Exercise prompt: Your reply should hold exactly the lines from the one that contains "Lemma M_lower x" through the end of the data. Repeat them word for word.

Given records:
Lemma div_le_div N D a b : 0 <= N -> N <= a -> 0 < b -> b <= D -> N / D <= a / b.
Proof.
  intros HN HNa Hb HbD. unfold Rdiv. apply Rle_trans with (N * / b).
  - apply Rmult_le_compat_l; [exact HN|]. apply Rinv_le_contravar; assumption.
  - apply Rmult_le_compat_r; [left; apply Rinv_0_lt_compat, Hb | exact HNa].
Qed.

Lemma M_step_lower x : 0 < x -> x <= 1 -> -60 <= M_step x.
Proof.
  intros Hx Hx1. unfold M_step, M_elem.
  assert (X2 : 0 < x ^ 2 <= 1) by (split; [pos_tac | nra]).
  assert (X3 : 0 < x ^ 3 <= 1) by (split; [pos_tac | nra]).
  assert (C1 : - / x - M_rational x =
    - ((34 * x ^ 3 + 117 * x ^ 2 + 127 * x + 45) / (6 * (x + 1) ^ 3 * (x + 2)))).
  { unfold M_rational. field. nonzero_tac. }
  assert (C2 : (34 * x ^ 3 + 117 * x ^ 2 + 127 * x + 45) / (6 * (x + 1) ^ 3 * (x + 2)) <= 323 / 12).
  { apply div_le_div; [lra | lra | lra |].
    assert (1 <= (x + 1) ^ 3) by (apply pow_R1_Rle; lra). nra. }
  assert (C3 : 0 <= M_rational (x + 1)).
  { unfold M_rational. left. apply Rdiv_lt_0_compat; [|pos_tac].
    assert (1 <= (x + 1) ^ 2) by (apply pow_R1_Rle; lra).
    assert (1 <= (x + 1) ^ 3) by (apply pow_R1_Rle; lra).
    assert (1 <= (x + 1) ^ 4) by (apply pow_R1_Rle; lra). lra. }
  assert (L1 : ln (x + 1) <= x) by (generalize (ln_le_sub1 (x + 1) ltac:(lra)); lra).
  assert (L2 : 0 <= ln (x + 2)) by (apply ln_nonneg; lra).
  assert (L3 : ln (x + 1 + 1) = ln (x + 2)) by (f_equal; ring).
  assert (L4 : ln (x + 1 + 2) <= x + 2) by (generalize (ln_le_sub1 (x + 1 + 2) ltac:(lra)); lra).
  lra.
Qed.

Lemma K_shift_lower x : 0 < x -> x <= 1 -> -7 / 4 <= K (x + 1).
Proof.
  intros Hx Hx1. unfold K.
  assert (L1 : 0 <= ln (x + 1)) by (apply ln_nonneg; lra).
  assert (L2 : ln (1 + (x + 1)) <= 2) by (generalize (ln_le_sub1 (1 + (x + 1)) ltac:(lra)); lra).
  assert (L3 : 0 <= ln (2 + (x + 1))) by (apply ln_nonneg; lra).
  assert (0 < (x + 1) ^ 2 <= 4) by (split; [pos_tac | nra]).
  assert ((18 + 33 * (x + 1) + 14 * (x + 1) ^ 2) / (48 * (1 + (x + 1)) ^ 2 * (2 + (x + 1)))
          <= 140 / 576).
  { apply div_le_div; [lra | lra | lra | nra]. }
  lra.
Qed.

(* [M] stays bounded below on [(0, 1]], because [M x = M_step x + M (x + 1)] and
   [M (x + 1) > 4 K (x + 1)]. *)
Lemma M_lower x : 0 < x -> x <= 1 -> -68 < M x.
Proof.
  intros Hx Hx1.
  assert (E := M_step_eq x Hx).
  assert (G := lower_bound 4 (x + 1) (Rle_refl 4) ltac:(lra)).
  generalize (M_step_lower x Hx Hx1) (K_shift_lower x Hx Hx1). lra.
Qed.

Solution:
Lemma M_lower x : 0 < x -> x <= 1 -> -68 < M x.
Proof.
  intros Hx Hx1.
  assert (E := M_step_eq x Hx).
  assert (G := lower_bound 4 (x + 1) (Rle_refl 4) ltac:(lra)).
  generalize (M_step_lower x Hx Hx1) (K_shift_lower x Hx Hx1). lra.
Qed.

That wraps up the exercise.